Controls (PLC Optional)

System operator may start and stop the system from the main panel or from remote inputs. Startup energizes and prove the combustion blower, start pre-purge timer, fuel pumps, start burner on #2 oil, prove set temperature and signal start of waste oil injection. Blower pressure and customer safety limits must be proven prior to burner ignition. Component failures will shut down the system while alerting the operator. Indicator panel lights will display fault.

The system is designed to operate with a variable waste gas input with natural gas being controlled to maintain a preset temperature. System self-regulates fuel input to maintain temperature and adjust conditions to match the flow of the waste gas stream.

Control Operation

The system can mix a portion of #2 fuel oil to maintain flame stability. The #2 oil and waste oil will be connected to the suction side of the fuel pump with motorized isolation valves. The system will startup and run on #2 oil until the preset "At Temp" is reached.  When the correct temperature is reached, the waste oil valve will open while the #2 oil valve will begin to close. This process is completed slowly to allow the system to monitor the flame with the UV Scanner. The scanner will produce a flame strength signal that will assure an optimal flame pattern. If a ratio is reached which lessens the flame strength, the waste oil valve will not open further. The fuel mixture is fed to the suction side of the pump, feeding into a liquid cyclone to blend evenly with any water.
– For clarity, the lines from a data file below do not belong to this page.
(* Let $c\ge2$ and let $\Gamma=(V,E)$ be a $c$-uniform unoriented hypergraph with $E\ne\varnothing$ and no isolated vertices, with smallest normalized Laplacian eigenvalue $\lambda_1$ and strong coloring number $\chi$. If $\chi=\dfrac{c-\lambda_1}{1-\lambda_1}$, then for every proper strong $\chi$-coloring with color classes $V_1,\dots,V_\chi$, for all $v\in V$ and all $1\le i\le\chi$, \[ \bigl|\{e\in E: v\in e,\ e\cap V_i\neq\varnothing\}\bigr|=\begin{cases}\dfrac{(c-1)\deg v}{\chi-1}, & v\notin V_i,\\[2mm] \deg v, & v\in V_i.\end{cases} \]
   Context: A hypergraph has finite vertex set $V$ and edge set $E\subseteq\mathcal P(V)$; it is $c$-uniform if $|e|=c$ for all $e$, and unoriented means all incidences have orientation $+1$. $\deg v=|\{e\in E: v\in e\}|\ge1$, $D=\mathrm{diag}(\deg v)$, adjacency $A_{v,v}=0$ and $A_{v,w}=-|\{e\in E: v,w\in e\}|$ for $v\ne w$, normalized Laplacian $L=\mathrm{Id}-D^{-1}A$ with eigenvalues $\lambda_1\le\dots\le\lambda_N$. A proper strong $k$-coloring is a map $V\to\{1,\dots,k\}$ such that any two distinct vertices in a common edge receive different colors; $\chi$ is the least such $k$. *)

From mathcomp Require Import all_boot all_order all_algebra.
Set Implicit Arguments. Unset Strict Implicit. Unset Printing Implicit Defensive.
Import Order.TTheory GRing.Theory Num.Theory.
Local Open Scope ring_scope.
Note: The UV scanner signal is connected to the Flame Safety, which produces a 0-5 VDC signal. This signal is sent to a PID controller producing a 4-20ma signal to operate the mixing valves. An over-ride will hold the valves to #2 oil only until the "At Temp" is reached.

Control Components

This package includes one (1) Hoffman Nema 4 control panel, for remote control and monitoring and maintains a preset temperature utilizing a type K T/C and 4-20ma digital controllers. System is monitored and operated with Honeywell DC-3000 temperature controllers located in the main panel. All controls and safeties are operated from the main panel as the controller modulates the gas to maintain temperature. Contacts will be provided for remote start and stop, pressure limit switch and for the motor starter coil.

System Specifications

60FM-40-CGOL 40 FT

Burner Capacity - Based on IMO specifications
Burning Output - 60,000,000 BTU per Hour
Crude/#2 Waste Oil - 850 GPH (water content <60%)
Flue gas temperature - Maximum 1,800oF
Flue gas volume - 12,000 SCFM
Stack Diameter - 48 inches
Compressed air pressure - 100 PSI Consumption - Air atomizing oil burner - 8 CFM

Power details
Demand factor - 230/480/3/60   20 KWH

Alarms: local and remote indication of high temperature, flame failure or low temperature
Note: In the event of a power failure, the system shuts off fuel input and goes on standby, requiring a prepurge cycle upon restart.

Ambient shell temperature
Minimum 0oC and maximum 45oC for standard equipment.

Operating Parameters

Flow Rate - 17 BPH per hour (<60% H2O)
Operating Temperature - 1,400oF
Refractory Lining - 6 inches
Chamber Volume - More than 700 ft3
Maximum Burner Input - 70MM BTU per Hour
Oil Pressure - 50 PSI
Destruction Efficiency - Greater than 99% At 1.500oF

30FM-20-CGOL 20 FT

Burner Capacity - Based on IMO Specifications
Burning Output - 30,000,000 BTU per Hour
Crude/#2 Waste Oil - 425 GPH (Water content <60%)
Flow Rate - 8 BPH per Hour (<60% H2O)
Flue gas temperature - Maximum 1,800oF
Flue gas volume - 6,000 SCFM
Stack Diameter - 36 inches
Compressed air pressure - 100 PSI Consumption - Air atomizing oil burner - 8 CFM

Power details
Demand factor - 230/480/3/60   10 KWH

Alarms: local and remote indication of high temperature, flame failure or low temperature
Note: In the event of a power failure, the system shuts off fuel input and goes on standby, requiring a prepurge cycle upon restart.

Ambient shell temperature
Minimum 0oC and maximum 45oC for standard equipment.

Operating Parameters

Flow Rate - 8 BPH per hour (<60% H2O)
Operating Temperature - 1,400oF
Refractory Lining - 6 inches
Chamber Volume - More than 700 ft3
Maximum Burner Input - 70MM BTU per Hour
Oil Pressure - 50 PSI
Destruction Efficiency - Greater than 99% At 1.500oF